A Guide to BIK Tax

A Guide to BIK Tax

What is BIK Tax?

BIK, or Benefit in Kind, Tax is a tax that employees pay for any benefits that may receive at work in addition to their normal salary. For instance, if an employee receives a company car that they use the private, as well as professional, use, they will have to pay BIK tax for that perk.

Every car has a different BIK band, which is dependent on the individual CO2 emissions and P11D value of that vehicle.

How do you calculate BIK Tax?

You can calculate how much BIK tax you will pay by multiplying the P11D value of your car by its BIK banding, then taking that figure and multiplying it again, this time by your personal tax band, which will be either 20% or 40%.

For example, say you were offered a SEAT Leon SC FR Technology 2.0TDi 150PS as a company car. The P11D value of that car is £22,265. The car emits 112g/km of CO2, which makes its BIK band 24% for the 2017/2018 financial year.
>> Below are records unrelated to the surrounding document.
Lemma generic_sym_skew_family_independent : exists U : set ('M[R]_n * 'M[R]_n),
  open U /\
  (forall S N : 'M[R]_n, mx_is_symmetric S -> mx_is_skew N ->
     forall V, nbhs (S, N) V ->
       exists S' N' : 'M[R]_n, [/\ mx_is_symmetric S', mx_is_skew N', V (S', N') & U (S', N')]) /\
  (forall S N : 'M[R]_n, mx_is_symmetric S -> mx_is_skew N -> U (S, N) ->
     sym_family_independent S N).
Proof.
exists nonsingular; split; first exact: open_nonsingular.
split; last by move=> S N _ _; exact: sym_gram_det_neq0_independent.
move=> S N symS skewN V SN_V.
have [t [Vt det_t]] := sym_gram_det_neq0_near witness_sym_gram_det_neq0 SN_V.
exists (S + t *: (witness_sym R n - S)), (N + t *: (witness_skew R n - N)); split => //.
  by rewrite /mx_is_symmetric linearD linearZ linearB /= symS witness_sym_is_symmetric.
by rewrite /mx_is_skew linearD linearZ linearB /= skewN witness_skew_is_skew -opprD scalerN opprD.
Qed.

End Generic.

Theorem lemma4p1 (R : realType) (n : nat) :
  (* (a) *)
  (forall (A B : 'M[R]_n) (i j : nat),
      lie_br (sym_ij i j.+1 A B) A + lie_br (sym_ij i.+1 j A B) B = 0)
  /\
  (* (b) *)
  (forall (S N : 'M[R]_n) (i j : nat), mx_is_symmetric S -> mx_is_skew N ->
      (~~ odd j -> mx_is_symmetric (sym_ij i j S N)) /\ (odd j -> mx_is_skew (sym_ij i j S N)))
  /\
  (* (c) *)
  (forall (A B : 'M[R]_n) (l : nat), (l <= n)%N ->
      exists c : nat -> nat -> R,
        sym_ij (n - l) l A B = \sum_(r < n) \sum_(s < n - r) c r s *: sym_ij r s A B)
  /\
  (* (d), general pairs: an open dense set of pairs on which the family is independent *)
  (exists U : set ('M[R]_n * 'M[R]_n),
      open U /\ dense U /\ (forall AB, U AB -> sym_family_independent AB.1 AB.2))
  /\
  (* (d), symmetric/skew pairs: a relatively open, relatively dense subset of
     {(S,N) | S symmetric, N skew-symmetric} on which the family is independent *)
  (exists U : set ('M[R]_n * 'M[R]_n),
      open U /\
      (forall S N : 'M[R]_n, mx_is_symmetric S -> mx_is_skew N ->
         forall V, nbhs (S, N) V ->
           exists S' N' : 'M[R]_n, [/\ mx_is_symmetric S', mx_is_skew N', V (S', N') & U (S', N')]) /\
      (forall S N : 'M[R]_n, mx_is_symmetric S -> mx_is_skew N -> U (S, N) ->
         sym_family_independent S N)).
Proof.
split; first exact: lie_br_sym_ij.
split; first by move=> S N i j; exact: sym_ij_tr.
split; first by move=> A B l; exact: sym_ij_top_span.
split; [exact: generic_sym_family_independent | exact: generic_sym_skew_family_independent].
Qed.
Using the calculation mentioned above, you would take the P11D value of £22,265 and multiply it by the 24% BIK band, which would give you the BIK value of £5,343.60.

You can then find the amount of BIK tax you would pay on the car by taking that figure and multiplying it by your personal tax band. If you pay 20% tax, you would multiply £5,343.60 by 20%, which would give you £1,068.72 as being the amount of annual BIK tax you would pay on that car.

bik tax rate tables

Do I only have to pay BIK Tax on company cars?

No, you have to pay a BIK Tax on any company van that you use for private use as well, although it is calculated differently.

BIK tax for vans is calculated at a base rate of £3,000, so you would find your van BIK tax by multiplying £3,000 by your income tax band rate. So this could be £3,000 x 20% = £600 per annum.

When it comes to deciding what constitutes private use of a company van, reasonable use is taken into account. In other words, there would be no BIK tax to pay if you simply drove the van home at night. However, if you used the van to drive your family around at weekends that would constitute private use and you would have to pay a BIK tax.